**THE TASK:** The stretch wanted below opens at the line containing "(D : 'I_m -> 'I_n)" and closes at the line containing "(forall j, 0". Please return it exactly, with no other lines.

**DATASET:**
(* Let $R$ be a domain and let $G$ be a finite undirected graph without loops with vertex set $A=\{a_1,\dots,a_n\}$, $n\geqslant 2$, such that the complement graph $\overline{G}$ is connected. Suppose the partially commutative Lie algebra $\mathcal{L}(A;G)=L_1\oplus L_2$ is a direct sum of two subalgebras such that for every $i\in\{1,\dots,n\}$ we have $(a_i)_1=a_i+g_i$ and $(a_i)_2=-g_i$ with $g_i\in\mathcal{L}(A;G)$ and $a_i\notin\mathrm{supp}(\omega_1(g_i))$. Then $g_i=0$ for all $i\in\{1,\dots,n\}$.
   Context: All Lie algebras are over the domain $R$. The complement graph $\overline{G}$ has vertex set $A$, with distinct vertices adjacent iff they are not adjacent in $G$. $\mathcal{L}(A;G)$ is the Lie $R$-algebra presented by generators $A$ and relations $[a_p,a_q]=0$ for all edges $\{a_p,a_q\}$ of $G$. Since the relations are multi-homogeneous, every element $h$ is uniquely a sum of nonzero multi-homogeneous components (multi-degree of a Lie monomial = vector counting occurrences of each $a_p$). $\mathrm{supp}(h)$ is the set of $a_p$ occurring with nonzero exponent in the multi-degree of some component of $h$; $\omega_1(h)$ is the sum of the components of length $1$. A direct sum $L=L_1\oplus L_2$ of subalgebras means $L_1,L_2$ are subalgebras, $L=L_1\oplus L_2$ as $R$-modules and $[L_1,L_2]=0$; for $h\in L$, $(h)_1\in L_1$, $(h)_2\in L_2$ are the unique elements with $h=(h)_1+(h)_2$. *)

From HB Require Import structures.
From mathcomp Require Import all_boot all_order all_algebra.
Set Implicit Arguments. Unset Strict Implicit. Unset Printing Implicit Defensive.
Import GRing.Theory.
Local Open Scope ring_scope.

Record lieAlgebra (R : comNzRingType) := LieAlgebra {
  lie_carrier :> lmodType R;
  lie_br : lie_carrier -> lie_carrier -> lie_carrier;
  lie_brlinl : forall (c : R) (x y z : lie_carrier),
      lie_br (c *: x + y) z = c *: lie_br x z + lie_br y z;
  lie_brlinr : forall (c : R) (x y z : lie_carrier),
      lie_br z (c *: x + y) = c *: lie_br z x + lie_br z y;
  lie_brxx : forall x : lie_carrier, lie_br x x = 0;
  lie_jacobi : forall x y z : lie_carrier,
      lie_br x (lie_br y z) + lie_br y (lie_br z x) + lie_br z (lie_br x y) = 0
}.

Definition lie_hom (R : comNzRingType) (L M : lieAlgebra R) (phi : L -> M) : Prop :=
  (forall (c : R) (x y : L), phi (c *: x + y) = c *: phi x + phi y) /\
  (forall x y : L, phi (lie_br x y) = lie_br (phi x) (phi y)).

(* (L, a) is a presentation of L(A;G): L is the Lie R-algebra generated by
   a_0..a_{n-1} subject exactly to the relations [a_p,a_q] = 0 for edges
   {p,q} of G (universal property). *)
Definition presented (R : comNzRingType) (n : nat) (G : rel 'I_n)
    (L : lieAlgebra R) (a : 'I_n -> L) : Prop :=
  (forall p q, G p q -> lie_br (a p) (a q) = 0) /\
  forall (M : lieAlgebra R) (f : 'I_n -> M),
    (forall p q, G p q -> lie_br (f p) (f q) = 0) ->
    exists phi : L -> M,
      [/\ lie_hom phi, (forall p, phi (a p) = f p) &
          forall psi : L -> M, lie_hom psi -> (forall p, psi (a p) = f p) ->
            forall x, psi x = phi x].

Definition compl_graph (n : nat) (G : rel 'I_n) : rel 'I_n :=
  fun p q => (p != q) && ~~ G p q.
Definition graph_connected (n : nat) (E : rel 'I_n) : Prop :=
  forall p q, connect E p q.

Inductive lmono (n : nat) : Type :=
  | LLeaf of 'I_n
  | LNode of lmono n & lmono n.

Fixpoint leval (R : comNzRingType) (n : nat) (L : lieAlgebra R) (a : 'I_n -> L)
    (t : lmono n) : L :=
  match t with
  | LLeaf i => a i
  | LNode t1 t2 => lie_br (leval a t1) (leval a t2)
  end.

Fixpoint lmdeg (n : nat) (t : lmono n) (j : 'I_n) : nat :=
  match t with
  | LLeaf i => nat_of_bool (i == j)
  | LNode t1 t2 => (lmdeg t1 j + lmdeg t2 j)%N
  end.

Definition mhomog (R : comNzRingType) (n : nat) (L : lieAlgebra R) (a : 'I_n -> L)
    (al : {ffun 'I_n -> nat}) (x : L) : Prop :=
  exists (m : nat) (c : 'I_m -> R) (t : 'I_m -> lmono n),
    (forall k j, lmdeg (t k) j = al j) /\ x = \sum_(k < m) c k *: leval a (t k).

Definition mdecomp (R : comNzRingType) (n : nat) (L : lieAlgebra R) (a : 'I_n -> L)
    (h : L) (m : nat) (al : 'I_m -> {ffun 'I_n -> nat}) (x : 'I_m -> L) : Prop :=
  [/\ injective al, (forall k, x k <> 0 /\ mhomog a (al k) (x k)) &
      h = \sum_(k < m) x k].

Definition in_supp (R : comNzRingType) (n : nat) (L : lieAlgebra R) (a : 'I_n -> L)
    (p : 'I_n) (h : L) : Prop :=
  exists (m : nat) (al : 'I_m -> {ffun 'I_n -> nat}) (x : 'I_m -> L),
    mdecomp a h al x /\ exists k, al k p <> 0%N.

Definition is_omega1 (R : comNzRingType) (n : nat) (L : lieAlgebra R) (a : 'I_n -> L)
    (h w : L) : Prop :=
  exists (m : nat) (al : 'I_m -> {ffun 'I_n -> nat}) (x : 'I_m -> L),
    mdecomp a h al x /\ w = \sum_(k < m | (\sum_(j < n) al k j == 1)%N) x k.

Definition subalg (R : comNzRingType) (L : lieAlgebra R) (S : L -> Prop) : Prop :=
  [/\ S 0, (forall (c : R) x y, S x -> S y -> S (c *: x + y)) &
      (forall x y, S x -> S y -> S (lie_br x y))].

Definition direct_sum (R : comNzRingType) (L : lieAlgebra R) (L1 L2 : L -> Prop) : Prop :=
  [/\ subalg L1, subalg L2,
      (forall h, exists h1 h2, [/\ L1 h1, L2 h2 & h = h1 + h2]),
      (forall h1 h2 h1' h2', L1 h1 -> L2 h2 -> L1 h1' -> L2 h2' ->
          h1 + h2 = h1' + h2' -> h1 = h1' /\ h2 = h2') &
      (forall x y, L1 x -> L2 y -> lie_br x y = 0)].

Definition dcomp1 (R : comNzRingType) (L : lieAlgebra R) (L1 L2 : L -> Prop) (h x : L) : Prop :=
  L1 x /\ L2 (h - x).
Definition dcomp2 (R : comNzRingType) (L : lieAlgebra R) (L1 L2 : L -> Prop) (h y : L) : Prop :=
  L2 y /\ L1 (h - y).

(* Let p1, p2 be the projections of L = L1 (+) L2 onto its summands: commuting
   idempotent Lie endomorphisms with p1 + p2 = id.  In a 2-step nilpotent
   quotient of L, the degree-one parts of p1(a_i) and p2(a_i) form matrices P, Q
   with P + Q = 1 whose 2x2 minors P_ir Q_js - P_is Q_jr vanish whenever a_r and
   a_s do not commute.  Over a domain this forces, along every edge {r, s} of
   the complement graph, columns r and s of P or those of Q to vanish, so by
   connectivity P = 0 or Q = 0.  An idempotent endomorphism whose values on the
   generators have no degree-one part pushes every element into all terms of
   the filtration by monomial length, and these intersect in 0 because L is
   graded, as seen in the truncated current algebras L (x) R[t]/(t^(D+1)).
   Hence L1 = 0 or L2 = 0.  If L2 = 0 then g_i = 0; if L1 = 0 then g_i = -a_i,
   and a_i lies in the support of omega_1(-a_i) = -a_i, which is excluded. *)

From HB Require Import structures.
From mathcomp Require Import all_boot all_order all_algebra.
From mathcomp Require Import ring zify.
From Stdlib Require Import ClassicalEpsilon.
Import GRing.Theory.
Local Open Scope ring_scope.

Set Implicit Arguments. Unset Strict Implicit. Unset Printing Implicit Defensive.

Section LieBracket.
Variables (R : comNzRingType) (L : lieAlgebra R).
Local Notation br := (@lie_br R L).

Lemma lie_brDl x y z : br (x + y) z = br x z + br y z.
Proof. by have := lie_brlinl 1 x y z; rewrite !scale1r. Qed.

Lemma lie_brDr x y z : br z (x + y) = br z x + br z y.
Proof. by have := lie_brlinr 1 x y z; rewrite !scale1r. Qed.

Lemma lie_br0l z : br 0 z = 0.
Proof. by apply: (@addrI _ (br 0 z)); rewrite -lie_brDl !addr0. Qed.

Lemma lie_br0r z : br z 0 = 0.
Proof. by apply: (@addrI _ (br z 0)); rewrite -lie_brDr !addr0. Qed.

Lemma lie_brZl c x z : br (c *: x) z = c *: br x z.
Proof. by have := lie_brlinl c x 0 z; rewrite !addr0 lie_br0l addr0. Qed.

Lemma lie_brZr c x z : br z (c *: x) = c *: br z x.
Proof. by have := lie_brlinr c x 0 z; rewrite !addr0 lie_br0r addr0. Qed.

Lemma lie_br_anti x y : br x y = - br y x.
Proof.
have := lie_brxx (x + y); rewrite lie_brDl !lie_brDr !lie_brxx add0r addr0.
by move/eqP; rewrite addr_eq0 => /eqP.
Qed.

Lemma lie_br_sumr I (r : seq I) (P : pred I) (F : I -> L) z :
  br z (\sum_(i <- r | P i) F i) = \sum_(i <- r | P i) br z (F i).
Proof. exact: (big_morph (br z) (fun x y => lie_brDr x y z) (lie_br0r z)). Qed.

End LieBracket.

Section LieHom.
Variables (R : comNzRingType) (L M : lieAlgebra R) (phi : L -> M).
Hypothesis phi_hom : lie_hom phi.

Lemma lie_homD x y : phi (x + y) = phi x + phi y.
Proof. by have := phi_hom.1 1 x y; rewrite !scale1r. Qed.

Lemma lie_hom0 : phi 0 = 0.
Proof. by apply: (@addrI _ (phi 0)); rewrite -lie_homD !addr0. Qed.

End LieHom.

Section Subalgebra.
Variables (R : comNzRingType) (L : lieAlgebra R) (S : L -> Prop).
Hypothesis S_subalg : subalg S.

Lemma subalg0 : S 0. Proof. by case: S_subalg. Qed.

Lemma subalgZD c x y : S x -> S y -> S (c *: x + y).
Proof. by case: S_subalg => _ + _; apply. Qed.

Lemma subalg_br x y : S x -> S y -> S (lie_br x y).
Proof. by case: S_subalg => _ _; apply. Qed.

(* The subtype machinery needs a boolean predicate; [S] is decided classically. *)
Definition subalg_mem (x : L) : bool :=
  if excluded_middle_informative (S x) then true else false.

Lemma subalg_memP x : reflect (S x) (subalg_mem x).
Proof. by rewrite /subalg_mem; case: excluded_middle_informative => Sx; constructor. Qed.

Fact subalg_mem_submod_closed : submod_closed subalg_mem.
Proof.
split; first exact/subalg_memP/subalg0.
by move=> c x y /subalg_memP Sx /subalg_memP Sy; apply/subalg_memP/subalgZD.
Qed.

HB.instance Definition _ := GRing.isSubmodClosed.Build R L subalg_mem
  (GRing.submod_closed_semi subalg_mem_submod_closed).

Inductive subalg_type : Type := SubalgElem (x : L) of subalg_mem x.
Definition subalg_val (x : subalg_type) := let: SubalgElem y _ := x in y.
HB.instance Definition _ := [isSub of subalg_type for subalg_val].
HB.instance Definition _ := [Choice of subalg_type by <:].
HB.instance Definition _ := [SubChoice_isSubZmodule of subalg_type by <:].
HB.instance Definition _ := [SubZmodule_isSubLmodule of subalg_type by <:].

Lemma subalg_valP (x : subalg_type) : subalg_mem (val x).
Proof. by case: x. Qed.

Definition sub_br (x y : subalg_type) : subalg_type :=
  SubalgElem (introT (subalg_memP _)
    (subalg_br (elimT (subalg_memP _) (subalg_valP x))
               (elimT (subalg_memP _) (subalg_valP y)))).

Fact sub_br_linl c (x y z : subalg_type) :
  sub_br (c *: x + y) z = c *: sub_br x z + sub_br y z.
Proof. by apply: val_inj => /=; rewrite lie_brlinl. Qed.

Fact sub_br_linr c (x y z : subalg_type) :
  sub_br z (c *: x + y) = c *: sub_br z x + sub_br z y.
Proof. by apply: val_inj => /=; rewrite lie_brlinr. Qed.

Fact sub_brxx (x : subalg_type) : sub_br x x = 0.
Proof. by apply: val_inj => /=; rewrite lie_brxx. Qed.

Fact sub_br_jacobi (x y z : subalg_type) :
  sub_br x (sub_br y z) + sub_br y (sub_br z x) + sub_br z (sub_br x y) = 0.
Proof. by apply: val_inj => /=; rewrite lie_jacobi. Qed.

Definition subLie : lieAlgebra R :=
  LieAlgebra sub_br_linl sub_br_linr sub_brxx sub_br_jacobi.

(* The inclusion of [subLie] composed with the extension of [a] to [subLie]
   fixes the generators, hence is the identity. *)
Lemma subalg_full n (G : rel 'I_n) (a : 'I_n -> L) :
  presented G a -> (forall p, S (a p)) -> forall y, S y.
Proof.
move=> [a_rel a_univ] S_a y.
pose f p : subLie := SubalgElem (introT (subalg_memP _) (S_a p)).
have f_rel p q : G p q -> lie_br (f p) (f q) = 0.
  by move=> Gpq; apply: val_inj => /=; rewrite a_rel.
have [phi [phi_hom phi_a _]] := a_univ subLie f f_rel.
have [phi0 [_ _ phi0_uniq]] := a_univ L a a_rel.
have val_phi_hom : lie_hom (fun x => val (phi x) : L).
  by split=> [c x z|x z]; rewrite ?phi_hom.1 ?phi_hom.2.
have -> : y = val (phi y).
  rewrite (phi0_uniq _ val_phi_hom) => [|p]; last by rewrite phi_a.
  by apply: (phi0_uniq id).
exact/subalg_memP/subalg_valP.
Qed.

End Subalgebra.
(* The theorem for L = G^T G, in product form: multiply the estimate above by
   det Z = 1 / det Y and use the expressions of det(I + alpha Lhat) and of
   d_eff(alpha Lhat) through Z and Y. *)
Lemma ratio_bound :
  expR (deff (alpha *: Lhat L D w)) * \det (1%:M + alpha *: Ltilde L D w alpha r sigma)
  <= expR (t%:R / r) * \det (1%:M + alpha *: Lhat L D w).
Proof.
rewrite deff_Lhat // det_Ltilde det_Lhat //.
have -> : \det (1%:M + Umx) =
    \det (Zmx G D w alpha) * (\det (Ymx G D w alpha) * \det (1%:M + Umx)).
  by rewrite mulrA det_Zmx_mulY // mul1r.
rewrite mulrCA [X in _ <= X]mulrC ler_wpM2l ?(psd_det_ge0 (Zmx_psd _ _ w_gt0 alpha_gt0)) //.
apply: le_trans (ler_wpM2l (expR_ge0 _) det_Ymx_1addU_le) _.
rewrite -expRD.
by have -> : n%:R - \tr (Ymx G D w alpha) + (\tr (Ymx G D w alpha) + t%:R / r - n%:R)
  = t%:R / r by ring.
Qed.

End SampledMarginals.

Theorem mainTheorem6 (R : realType) (n m : nat) (L : 'M[R]_n)
  (D : 'I_m -> 'I_n) (w : 'I_m -> R) (r alpha : R) (t : nat)
  (sigma : 'I_t -> 'I_n) :
  psd L ->
  (forall k, 0 < w k) ->
  1 <= r -> 0 < alpha ->
  (forall j, 0 < approx_marg L D w alpha (sigma j)) ->
  expR (deff (alpha *: Lhat L D w)) * \det (1%:M + alpha *: Ltilde L D w alpha r sigma)
    / (expR (t%:R / r) * \det (1%:M + alpha *: Lhat L D w)) <= 1.
Proof.
move=> L_psd w_gt0 r_ge1 alpha_gt0 marg_gt0.
have r_gt0 : 0 < r := lt_le_trans ltr01 r_ge1.
have [E [_ eL]] := cholesky L_psd.
rewrite -[E in E *m _]trmxK in eL; subst L.
have det_pos : 0 < \det (1%:M + alpha *: Lhat (E^T^T *m E^T) D w).
  by rewrite det_Lhat // det_Zmx_gt0.
rewrite ler_pdivrMr ?mulr_gt0 ?expR_gt0 // mul1r.
exact: ratio_bound.
Qed.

**WRITTEN RESPONSE:**
  (D : 'I_m -> 'I_n) (w : 'I_m -> R) (r alpha : R) (t : nat)
  (sigma : 'I_t -> 'I_n) :
  psd L ->
  (forall k, 0 < w k) ->
  1 <= r -> 0 < alpha ->
  (forall j, 0 < approx_marg L D w alpha (sigma j)) ->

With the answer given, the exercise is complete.